Appeal from an order of the Family Court of Cortland County (Campbell, J.), entered May 7, 2010, which, among other things, in two proceedings pursuant to Family Ct Act article 10, temporarily placed the subject child in the custody of petitioner.
In July 2009, petitioner commenced proceedings against respondent Patricia A. (hereinafter the mother) and respondent Steven A. (hereinafter the father) alleging that Michael A. (born in 2004) was a neglected child. In both proceedings, Family Court issued temporary orders placing the child in petitioner’s custody, followed shortly thereafter by modified temporary orders placing him in the custody of relatives. The mother and father subsequently consented to findings of neglect without admitting wrongdoing. After hearings on disposition and per*1231manency, the court approved permanency plans with the goal of reunification and continued the child’s temporary placement with the relatives until the next permanency hearing, which was set for July 2010.
In May 2010, petitioner made an ex parte application for another modification of the child’s placement, alleging that the relatives had asked to have him removed because they were overwhelmed by the demands of caring for him. Family Court signed an order to show cause that returned the child to petitioner’s custody pending a hearing five days later, and the child was moved to a foster home. At the hearing, the attorney for the child objected to the ex parte removal.
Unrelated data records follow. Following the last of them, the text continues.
(* Let $A$ be a finite-dimensional evolution algebra over a field $\mathbb{K}$ with natural basis $B$. \begin{enumerate} \item[(i)] If $I$ is an ideal of $A$ with $I=\mathbb{K}u$ and $|\mathrm{supp}_B(u)|>1$, then $A/I$ is not simple. \item[(ii)] If $A=A_1\otimes A_2$ where $A_1,A_2$ are evolution $\mathbb{K}$-algebras with $\dim A_1>1$ and $\dim A_2>1$ (so $A$ is tensorially decomposable), and $0\neq I$ is an ideal of $A$ with $I=\mathbb{K}u$, then $A/I$ is not simple. \end{enumerate}
   Context: An evolution algebra over $\mathbb{K}$ is a $\mathbb{K}$-algebra with a basis $B=\{e_1,\dots,e_n\}$ (natural basis) such that $e_ie_j=0$ for $i\neq j$. For $u=\sum_i\alpha_ie_i\in A$, $\mathrm{supp}_B(u)=\{i:\alpha_i\neq0\}$. The tensor product $A_1\otimes A_2$ of evolution algebras with natural bases $\{a_i\}$, $\{b_p\}$ is the evolution algebra with natural basis $\{a_i\otimes b_p\}$ and product $(a\otimes b)(a'\otimes b')=aa'\otimes bb'$. A $\mathbb{K}$-algebra is simple if its square is nonzero and its only ideals are $0$ and itself. *)

From HB Require Import structures.
From mathcomp Require Import all_boot all_order all_algebra.
Set Implicit Arguments. Unset Strict Implicit. Unset Printing Implicit Defensive.
Import GRing.Theory.
Local Open Scope ring_scope.

Section EvoDefs.
Variable K : fieldType.

(* A finite-dimensional evolution algebra with natural basis {e_i | i : I}
   is modelled, via coordinates in that basis, by K^I = evo I = {ffun I -> K^o} with
   e_i = indicator of i and product determined by the structure constants
   C : e_i e_i = \sum_k C i k e_k, e_i e_j = 0 (i <> j). *)
Definition evo (I : finType) : lmodType K := {ffun I -> K^o}.

Definition evo_mul (I : finType) (C : I -> I -> K) (x y : evo I)
  : evo I := [ffun k => \sum_i x i * y i * C i k].

Definition evo_basis (I : finType) (i : I) : evo I :=
  [ffun j => (i == j)%:R].

Definition supp (I : finType) (u : evo I) : {set I} :=
  [set i | u i != 0].

(* tensor product of evolution algebras: natural basis a_i (x) b_p indexed by
   I1 * I2, with (a_i (x) b_p)^2 = a_i^2 (x) b_p^2 *)
Definition tensor_C (I1 I2 : finType) (C1 : I1 -> I1 -> K) (C2 : I2 -> I2 -> K)
  : (I1 * I2)%type -> (I1 * I2)%type -> K :=
  fun ip jq => C1 ip.1 jq.1 * C2 ip.2 jq.2.

Definition bilinear_mul (V : lmodType K) (mul : V -> V -> V) : Prop :=
  forall (a : K) (x y z : V),
    mul (a *: x + y) z = a *: mul x z + mul y z /\
    mul z (a *: x + y) = a *: mul z x + mul z y.

Definition subspace (V : lmodType K) (P : V -> Prop) : Prop :=
  P 0 /\ forall (a : K) (x y : V), P x -> P y -> P (a *: x + y).

Definition alg_ideal (V : lmodType K) (mul : V -> V -> V) (P : V -> Prop) : Prop :=
  subspace P /\ forall x y : V, P y -> P (mul x y) /\ P (mul y x).

Definition simple_alg (V : lmodType K) (mul : V -> V -> V) : Prop :=
  (exists x y : V, mul x y <> 0) /\
  forall P : V -> Prop, alg_ideal mul P ->
    (forall x, P x <-> x = 0) \/ (forall x, P x).

Definition line (V : lmodType K) (u : V) : V -> Prop :=
  fun x => exists k : K, x = k *: u.

(* (V, mulV) together with f is (a copy of) the quotient algebra A / P:
   f is a surjective algebra homomorphism with kernel exactly P *)
Definition is_quotient_alg (A : lmodType K) (mulA : A -> A -> A) (P : A -> Prop)
  (V : lmodType K) (mulV : V -> V -> V) (f : A -> V) : Prop :=
  bilinear_mul mulV /\ linear f /\
  (forall x y, f (mulA x y) = mulV (f x) (f y)) /\
  (forall v : V, exists x : A, f x = v) /\
  (forall x : A, f x = 0 <-> P x).

Definition quotient_simple (A : lmodType K) (mulA : A -> A -> A) (P : A -> Prop)
  : Prop :=
  exists (V : lmodType K) (mulV : V -> V -> V) (f : A -> V),
    is_quotient_alg mulA P mulV f /\ simple_alg mulV.

End EvoDefs.

From HB Require Import structures.
From mathcomp Require Import all_boot all_order all_algebra.
Set Implicit Arguments.
Unset Strict Implicit.
Unset Printing Implicit Defensive.

Import GRing.Theory.
Local Open Scope ring_scope.

(* (i) Pick j in supp u.  As K u is an ideal, e_j u = u_j e_j^2 lies in K u, so
   e_j^2 does too, and every product with a multiple of e_j falls into K u.
   Since u has a second support index, e_j is not in K u, and its class spans a
   nonzero ideal of A / K u all of whose products vanish: it is proper, or it
   is the whole quotient, whose square is then zero.
   (ii) If |supp u| <= 1, then u is a multiple of a basis vector a_i (x) b_p and
   e^2 in K e for e = a_i (x) b_p reads C1 i k * C2 p r = 0 off (i, p).  Hence
   a_i^2 in K a_i or b_p^2 in K b_p, and accordingly a_i (x) A_2 or A_1 (x) b_p
   is an ideal; both dimensions being > 1, it lies strictly between K u and A. *)

Section QuotientNotSimple.
Variables (K : fieldType) (A : lmodType K) (mulA : A -> A -> A) (P : A -> Prop).

Lemma quotient_not_simple_of_proper_ideal (J : A -> Prop) (y z : A) :
  alg_ideal mulA J -> (forall x, P x -> J x) -> J y -> ~ P y -> ~ J z ->
  ~ quotient_simple mulA P.
Proof.
move=> [[J0 JD] JM] PJ Jy nPy nJz
  [V [mulV [f [[_ [lin [hom [surj ker]]]] [_ simp]]]]].
pose F : {linear A -> V} := HB.pack f (GRing.isLinear.Build _ _ _ _ f lin).
have imJ_ideal : alg_ideal mulV (fun v => exists2 x, J x & f x = v).
  split.
    split; first by exists 0 => //; exact: (linear0 F).
    move=> a _ _ [x1 J1 <-] [x2 J2 <-].
    by exists (a *: x1 + x2); [exact: JD | rewrite lin].
  move=> v _ [x Jx <-]; have [x' <-] := surj v; have [Jx'x Jxx'] := JM x' x Jx.
  by rewrite -!hom; split; [exists (mulA x' x) | exists (mulA x x')].
case: (simp _ imJ_ideal) => [imJ0 | imJ_full].
  by apply/nPy/ker/imJ0; exists y.
have [x Jx fx] := imJ_full (f z).
have fB : f (z - x) = f z - f x := linearB F z x.
have Pzx : P (z - x) by apply/ker; rewrite fB fx subrr.
have := JD 1 _ _ (PJ _ Pzx) Jx.
by rewrite scale1r subrK.
Qed.

(* The class of w spans an ideal of the quotient annihilating it. *)
Lemma quotient_not_simple_of_annihilating (w : A) :
  ~ P w -> (forall x v, line w v -> P (mulA x v) /\ P (mulA v x)) ->
  ~ quotient_simple mulA P.
Proof.
move=> nPw ann [V [mulV [f [[_ [lin [hom [surj ker]]]] [[x [y nz]] simp]]]]].
pose F : {linear A -> V} := HB.pack f (GRing.isLinear.Build _ _ _ _ f lin).
have fZ k : f (k *: w) = k *: f w := linearZ_LR F k w.
have Pw_mul v k : P (mulA v (k *: w)) /\ P (mulA (k *: w) v).
  by apply: ann; exists k.
have fw_ideal : alg_ideal mulV (line (f w)).
  split.
    split; first by exists 0; rewrite scale0r.
    move=> a _ _ [k1 ->] [k2 ->]; exists (a * k1 + k2).
    by rewrite scalerDl scalerA.
  move=> v _ [k ->]; have [x' <-] := surj v.
  rewrite -fZ -!hom; have [/ker-> /ker->] := Pw_mul x' k.
  by split; exists 0; rewrite scale0r.
case: (simp _ fw_ideal) => [fw0 | fw_full].
  by apply/nPw/ker/fw0; exists 1; rewrite scale1r.
move: nz; have [x' <-] := surj x; have [k ->] := fw_full y.
by rewrite -fZ -hom; apply; apply/ker; have [] := Pw_mul x' k.
Qed.

End QuotientNotSimple.

Section EvolutionAlgebra.
Variables (K : fieldType) (I : finType) (C : I -> I -> K).
Implicit Types (x y u : evo K I) (S : {set I}).

Lemma evo_mulC x y : evo_mul C x y = evo_mul C y x.
Proof.
by apply/ffunP => l; rewrite !ffunE; apply: eq_bigr => i _; rewrite (mulrC (x i)).
Qed.

Lemma evo_mulrZ x y k : evo_mul C x (k *: y) = k *: evo_mul C x y.
Proof.
apply/ffunP => l; rewrite !ffunE scaler_sumr; apply: eq_bigr => i _.
rewrite ffunE; change (x i * (k * y i) * C i l = k * (x i * y i * C i l)).
by rewrite mulrCA -!mulrA.
Qed.

Lemma evo_mul_basis x j : evo_mul C x (evo_basis K j) = [ffun l => x j * C j l].
Proof.
apply/ffunP => l; rewrite !ffunE (bigD1 j) //= big1 ?addr0 => [|i ne].
  by rewrite ffunE eqxx mulr1.
by rewrite ffunE eq_sym (negbTE ne) mulr0 mul0r.
Qed.

Lemma evo_mul_basisr x j :
  evo_mul C x (evo_basis K j) = x j *: evo_mul C (evo_basis K j) (evo_basis K j).
Proof. by apply/ffunP => l; rewrite !evo_mul_basis !ffunE eqxx mul1r. Qed.

Lemma evo_basis_notin_line u i j :
  j != i -> u i != 0 -> ~ line u (evo_basis K j).
Proof.
move=> ji ui [c /ffunP ej]; move: (ej i) (ej j); rewrite !ffunE eqxx (negbTE ji).
move=> /esym /eqP; rewrite mulf_eq0 (negbTE ui) orbF => /eqP -> /eqP.
by rewrite scale0r oner_eq0.
Qed.

Lemma evo_basis_sq_in_line u j :
  alg_ideal (evo_mul C) (line u) -> u j != 0 ->
  line u (evo_mul C (evo_basis K j) (evo_basis K j)).
Proof.
move=> [_ ideal] uj.
have [|c ejc] := (ideal (evo_basis K j) u _).2; first by exists 1; rewrite scale1r.
exists (c / u j); rewrite mulrC -scalerA -ejc (evo_mul_basisr u).
by rewrite scalerA mulVf // scale1r.
Qed.

Lemma evo_quotient_line_not_simple u :
  alg_ideal (evo_mul C) (line u) -> (1 < #|supp u|)%N ->
  ~ quotient_simple (evo_mul C) (line u).
Proof.
move=> ideal /card_gt1P [j [i [+ + ji]]]; rewrite !inE => uj ui.
have [c ej2] := evo_basis_sq_in_line ideal uj.
apply: (quotient_not_simple_of_annihilating (w := evo_basis K j)).
  exact: evo_basis_notin_line ji ui.
move=> x _ [k ->].
have line_prod : line u (evo_mul C x (k *: evo_basis K j)).
  by exists (k * (x j * c)); rewrite evo_mulrZ evo_mul_basisr ej2 !scalerA mulrA.
by split; last rewrite evo_mulC.
Qed.

Lemma supp_eq0 u : (supp u == set0) = (u == 0).
Proof.
apply/eqP/eqP => [supp0 | ->]; last by apply/setP => l; rewrite !inE ffunE eqxx.
apply/ffunP => l; rewrite ffunE; apply/eqP; apply: contraT => ul.
by have := in_set0 l; rewrite -supp0 inE ul.
Qed.

Lemma supp_subsetP S x :
  reflect (forall l, l \notin S -> x l = 0) (supp x \subset S).
Proof.
apply: (iffP subsetP) => [sub l | zero l].
  by apply: contraNeq => xl; apply: sub; rewrite inE.
by rewrite inE; apply: contraR => /zero ->.
Qed.

Definition sq_closed S : Prop := forall l m, l \in S -> m \notin S -> C l m = 0.

Lemma supp_subset_ideal S :
  sq_closed S -> alg_ideal (evo_mul C) (fun x => supp x \subset S).
Proof.
move=> closedS; split.
  split; first by apply/supp_subsetP => l _; rewrite ffunE.
  move=> a x y /supp_subsetP x0 /supp_subsetP y0; apply/supp_subsetP => l lS.
  by rewrite !ffunE x0 // y0 // scaler0 addr0.
have mul_supp x y : supp y \subset S -> supp (evo_mul C x y) \subset S.
  move=> /supp_subsetP y0; apply/supp_subsetP => l lS; rewrite ffunE big1 // => m _.
  case: (boolP (m \in S)) => mS; first by rewrite closedS // mulr0.
  by rewrite y0 // mulr0 mul0r.
by move=> x y Sy; rewrite [evo_mul C y x]evo_mulC; split; apply: mul_supp.
Qed.

(* span{e_l | l in S} is an ideal strictly between K u and A. *)
Lemma evo_quotient_not_simple_of_sq_closed S u :
  sq_closed S -> supp u \proper S -> S \proper [set: I] ->
  ~ quotient_simple (evo_mul C) (line u).
Proof.
move=> closedS /properP [uS [a aS au]] /properP [_ [b _ bS]].
apply: (quotient_not_simple_of_proper_ideal (y := evo_basis K a) (z := evo_basis K b)
          (supp_subset_ideal closedS)).
- move=> _ [k ->]; apply: subset_trans uS; apply/subsetP => l.
  by rewrite !inE ffunE mulf_eq0 negb_or => /andP[].
- by apply/supp_subsetP => l lS; rewrite ffunE; case: eqP lS => // <-; rewrite aS.
- move=> [k /ffunP /(_ a)]; rewrite !ffunE eqxx.
  by move: au; rewrite inE negbK => /eqP ->; rewrite scaler0 => /eqP; rewrite oner_eq0.
- by move/subsetP/(_ b); rewrite !inE ffunE eqxx oner_eq0 => /(_ isT); apply/negP.
Qed.

Lemma line_ideal_offdiag0 u l0 :
  alg_ideal (evo_mul C) (line u) -> supp u = [set l0] ->
  forall l, l != l0 -> C l0 l = 0.
Proof.
move=> ideal supp_u.
have u_supp l : (u l != 0) = (l == l0) by rewrite -in_set1 -supp_u inE.
have ul0 : u l0 != 0 by rewrite u_supp.
have [c /ffunP sq] := evo_basis_sq_in_line ideal ul0.
move=> l /negbTE l_l0; move: (sq l); rewrite evo_mul_basis !ffunE eqxx mul1r.
by have := u_supp l; rewrite l_l0 => /negbFE/eqP ->; rewrite scaler0.
Qed.

End EvolutionAlgebra.

Lemma exists_neq (T : finType) (x : T) : (1 < #|T|)%N -> exists y : T, y != x.
Proof.
move=> /card_gt1P [a [b [_ _ ab]]].
by case: (eqVneq a x) => [<- | ax]; [exists b; rewrite eq_sym | exists a].
Qed.

Section TensorProduct.
Variables (K : fieldType) (I1 I2 : finType) (C1 : I1 -> I1 -> K) (C2 : I2 -> I2 -> K).
Local Notation C := (tensor_C C1 C2).

Lemma tensor_offdiag0 i p :
  (forall l, l != (i, p) -> C (i, p) l = 0) ->
  (forall k, k != i -> C1 i k = 0) \/ (forall r, r != p -> C2 p r = 0).
Proof.
move=> offdiag0.
case: (boolP [forall k, (k != i) ==> (C1 i k == 0)]) => [/forallP row0 | /forallPn [k]].
  by left => k ki; apply/eqP; have /implyP := row0 k; apply.
rewrite negb_imply => /andP [ki /negbTE Cik]; right => r rp; apply/eqP.
have kr : (k, r) != (i, p) by apply: contraNneq ki => -[->].
have /eqP := offdiag0 _ kr.
by rewrite /tensor_C mulf_eq0 Cik.
Qed.

Lemma tensor_row_sq_closed i :
  (forall k, k != i -> C1 i k = 0) -> sq_closed C [set l | l.1 == i].
Proof.
move=> row0 [l1 l2] [m1 m2]; rewrite !inE /= => /eqP -> mi.
by rewrite /tensor_C row0 ?mul0r.
Qed.

Lemma tensor_col_sq_closed p :
  (forall r, r != p -> C2 p r = 0) -> sq_closed C [set l | l.2 == p].
Proof.
move=> col0 [l1 l2] [m1 m2]; rewrite !inE /= => /eqP -> mp.
by rewrite /tensor_C col0 ?mulr0.
Qed.

Lemma tensor_quotient_line_not_simple u :
  (1 < #|I1|)%N -> (1 < #|I2|)%N -> u <> 0 -> alg_ideal (evo_mul C) (line u) ->
  ~ quotient_simple (evo_mul C) (line u).
Proof.
move=> I1_gt1 I2_gt1 u_neq0 ideal.
have [|supp_le1] := ltnP 1 #|supp u|; first exact: evo_quotient_line_not_simple.
have /cards1P [[i p] supp_u] : #|supp u| == 1%N.
  by rewrite eqn_leq supp_le1 card_gt0 supp_eq0; apply/eqP.
have [j ji] := exists_neq i I1_gt1; have [q qp] := exists_neq p I2_gt1.
have set1_proper (S : {set I1 * I2}) l :
    (i, p) \in S -> l \in S -> l != (i, p) -> [set (i, p)] \proper S.
  by move=> ipS lS lip; apply/properP; rewrite sub1set; split=> //; exists l; rewrite ?inE.
case: (tensor_offdiag0 (line_ideal_offdiag0 ideal supp_u)) => [row0 | col0].
- apply: (evo_quotient_not_simple_of_sq_closed (tensor_row_sq_closed row0)).
    rewrite supp_u; apply: (set1_proper _ (i, q)); rewrite ?inE ?eqxx //.
    by apply: contraNneq qp => -[->].
  by rewrite properT; apply/eqP => /setP /(_ (j, p)); rewrite !inE (negbTE ji).
- apply: (evo_quotient_not_simple_of_sq_closed (tensor_col_sq_closed col0)).
    rewrite supp_u; apply: (set1_proper _ (j, p)); rewrite ?inE ?eqxx //.
    by apply: contraNneq ji => -[->].
  by rewrite properT; apply/eqP => /setP /(_ (i, q)); rewrite !inE (negbTE qp).
Qed.

End TensorProduct.

Theorem theorem4p7 (K : fieldType) :
  (* (i) *)
  (forall (n : nat) (C : 'I_n -> 'I_n -> K) (u : evo K 'I_n),
      alg_ideal (evo_mul C) (line u) ->
      (1 < #|supp u|)%N ->
      ~ quotient_simple (evo_mul C) (line u)) /\
  (* (ii) *)
  (forall (n1 n2 : nat) (C1 : 'I_n1 -> 'I_n1 -> K) (C2 : 'I_n2 -> 'I_n2 -> K)
          (u : evo K ('I_n1 * 'I_n2)%type),
      (1 < n1)%N -> (1 < n2)%N ->
      u <> 0 ->
      alg_ideal (evo_mul (tensor_C C1 C2)) (line u) ->
      ~ quotient_simple (evo_mul (tensor_C C1 C2)) (line u)).
Proof.
split=> [n C u | n1 n2 C1 C2 u n1_gt1 n2_gt1]; first exact: evo_quotient_line_not_simple.
by apply: tensor_quotient_line_not_simple; rewrite card_ord.
Qed.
The relatives did not appear, and the court continued the child’s temporary placement with petitioner.
The attorney for the child now appeals from the order to show cause, contending that the representative of petitioner who made the application lacked personal knowledge of the circumstances and that no emergency justified the child’s ex parte removal. However, the challenged order was superseded five days later by the orders that continued the child’s placement with petitioner, from which no appeal was taken (see Matter of Darlene L., 38 AD3d 552, 554 [2007]). Further, all parties, including the attorney for the child, later consented to an order under which the child would remain in petitioner’s care until the beginning of the school year, and he has since been returned to respondents. Accordingly, the appeal is moot (see Matter of Shalyse WW., 63 AD3d 1193, 1196-1197 [2009], Iv denied 13 NY3d 704 [2009]; Matter of Joseph DD., 300 AD2d 760, 765 [2002], Iv denied 100 NY2d 504 [2003]; Matter of Joyce SS., 245 AD2d 962, 962 [1997]).
The attorney for the child asserts that the issues presented are novel, significant, likely to recur, and likely to evade review (see Matter of Hearst Corp. v Clyne, 50 NY2d 707, 714-715 [1980]). We find that the exception to the mootness doctrine is inapplicable. In light of Family Court’s “broad discretion” to make temporary emergency placement decisions (Matter of Damien X., 217 AD2d 762, 763 [1995]), and the fact that the hearing was appropriately scheduled to occur promptly thereafter, the issues presented are not sufficiently substantial to warrant the exception to the mootness doctrine (see Matter of Brenden O., 13 AD3d 779, 780 [2004]; compare Matter of Crystal AA., 271 AD2d 771, 771 [2000], Iv dismissed 95 NY2d 903 [2000]).
Rose, J.E, Lahtinen, Stein and McCarthy, JJ., concur. Ordered that the appeal is dismissed, as moot, without costs.